10) Disputes, remedies, and best practices
- Transparency: Provide a clear computation and supporting documents. Hidden or unexplained offsets invite disputes.
- Due process: For any accountability deduction, conduct a fair inquiry and document findings; obtain written consent for the deduction.
- Release the undisputed portion: Do not hold everything over a contested item.
- Mediation: Many money-claim disputes settle quickly through DOLE’s SEnA (mediation) before escalating to formal cases.
- Record-keeping: Maintain signed policies, authorization forms, proof of wage payments, and clearance records for at least the prescriptive period for money claims.
11) Quick reference: What employers can offset from back pay and 13th-month
Generally allowable (with proper basis):
- Taxes; SSS/PhilHealth/Pag-IBIG; government-loan amortizations (with authorization)
- Company loans/advances (with written consent)
- Documented overpayments
- Reasonably valued, proven losses/unreturned property after due process + written consent
- CBA-authorized deductions
Generally not allowable:
- Unproven losses/damages; arbitrary penalties/fines
- Deductions without written consent where required
- Deductions that pull wages below minimum (except statutory)

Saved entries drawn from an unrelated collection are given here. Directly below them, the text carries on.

(* Besides the multiple roots of [p] (with one copy fewer), [p^`()] vanishes at a
   Rolle point between any two consecutive distinct roots: a full set of roots. *)
Lemma real_rooted_deriv_prod_XsubC s : real_rooted (\prod_(x <- s) ('X - x%:P))^`().
Proof.
have [-> | s_neq0] := eqVneq s [::].
  by exists 0, [::]; rewrite big_nil derivC scale0r.
set p := \prod_(x <- s) _.
have size_p' : size p^`() = size s by rewrite size_deriv size_prod_XsubC.
have : sorted <%R (sort <=%R (undup s)) by rewrite sort_lt_sorted undup_uniq.
have mem_V : sort <=%R (undup s) =i s by move=> y; rewrite mem_sort mem_undup.
have size_V : size (sort <=%R (undup s)) = size (undup s) by rewrite size_sort.
case: (sort _ _) mem_V size_V => [|x V] mem_V size_V.
  have [y y_s] : exists y, y \in s.
    by case: (s) s_neq0 => // y t _; exists y; rewrite mem_head.
  by have := mem_V y; rewrite y_s.
move=> /= x_path; have p_roots : all (root p) (x :: V).
  by apply/allP => y; rewrite mem_V /p root_prod_XsubC.
have [W [size_W uniq_W roots_W W_between]] := rolle_interlacing p_roots x_path.
have W_new : all (fun w => w \notin s) W.
  by apply/allP => w /(allP W_between) /andP[_]; rewrite mem_V.
have [r s_perm] := perm_to_subseq (undup_subseq s).
move/dvdp_size_eqp: (dvdp_deriv_prod_XsubC s_perm uniq_W W_new roots_W).
rewrite size_prod_XsubC size_cat size_W size_p' (perm_size s_perm) size_cat.
rewrite -size_V addnC eqxx => /esym/eqp_eq.
rewrite (eqP (monic_prod_XsubC _ _ _)) scale1r => <-.
by exists (lead_coef p^`()), (r ++ W).
Qed.

Lemma real_rooted_deriv p : real_rooted p -> real_rooted p^`().
Proof.
case=> c [s ->]; have [d [t p'_eq]] := real_rooted_deriv_prod_XsubC s.
by exists (c * d), t; rewrite derivZ p'_eq scalerA.
Qed.

Lemma real_rooted_newton0 p : real_rooted p -> 2 * p`_0 * p`_2 <= p`_1 ^+ 2.
Proof.
case=> c [s ->]; rewrite !coefZ -subr_ge0.
set q := \prod_(x <- s) _; set r := (X in 0 <= X).
have -> : r = c ^+ 2 * (q`_1 ^+ 2 - 2 * q`_0 * q`_2) by rewrite /r; ring.
rewrite mulr_ge0 ?sqr_ge0 // {r}/q subr_ge0.
elim: s => [|a s]; first by rewrite big_nil !coefC /= mulr0 sqr_ge0.
rewrite big_cons mulrBl !coefB !coefXM !coefCM /=.
set q0 := _`_0; set q1 := _`_1; set q2 := _`_2 => newton_q; rewrite -subr_ge0.
have -> : (q0 - a * q1) ^+ 2 - 2 * (0 - a * q0) * (q1 - a * q2)
    = q0 ^+ 2 + a ^+ 2 * (q1 ^+ 2 - 2 * q0 * q2) by ring.
by rewrite addr_ge0 ?sqr_ge0 // mulr_ge0 ?sqr_ge0 // subr_ge0.
Qed.

Lemma real_rooted_newton j p : real_rooted p ->
  j.+2%:R * p`_j * p`_j.+2 <= j.+1%:R * p`_j.+1 ^+ 2.
Proof.
elim: j p => [|j IHj] p p_rr; first by rewrite mul1r real_rooted_newton0.
have := IHj _ (real_rooted_deriv p_rr); rewrite !coef_deriv.
set a := p`_j.+1; set b := p`_j.+2; set c := p`_j.+3.
have -> : j.+2%:R * (a *+ j.+1) * (c *+ j.+3)
    = j.+1%:R * j.+2%:R * (j.+3%:R * a * c) :> R by ring.
have -> : j.+1%:R * (b *+ j.+2) ^+ 2
    = j.+1%:R * j.+2%:R * (j.+2%:R * b ^+ 2) :> R by ring.
by rewrite ler_pM2l ?mulr_gt0 ?ltr0Sn // mulrA.
Qed.

Lemma real_rooted_log_concave j p : real_rooted p -> p`_j * p`_j.+2 <= p`_j.+1 ^+ 2.
Proof.
move=> /(real_rooted_newton j); rewrite -mulrA => newton.
have [prod_le0 | prod_gt0] := lerP (p`_j * p`_j.+2) 0.
  exact: le_trans prod_le0 (sqr_ge0 _).
rewrite -(ler_pM2l (ltr0Sn R j)); apply: le_trans newton.
by apply: ler_wpM2r; [exact: ltW | rewrite ler_nat].
Qed.

End RealRootedPolynomials.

- Using clearance or disputes to delay entire final pay beyond the benchmark period
- Waiving statutory benefits (e.g., 13th-month) via quitclaim
Final word
For end-of-contract situations, the default is simple: pay everything earned (including the pro-rated 13th-month) and deduct only what the law or a valid, documented authorization allows—never guess, never penalize without proof, and always explain the math. If a line item is disputed, pay the undisputed portion on time and resolve the rest with documentation and, if needed, mediation.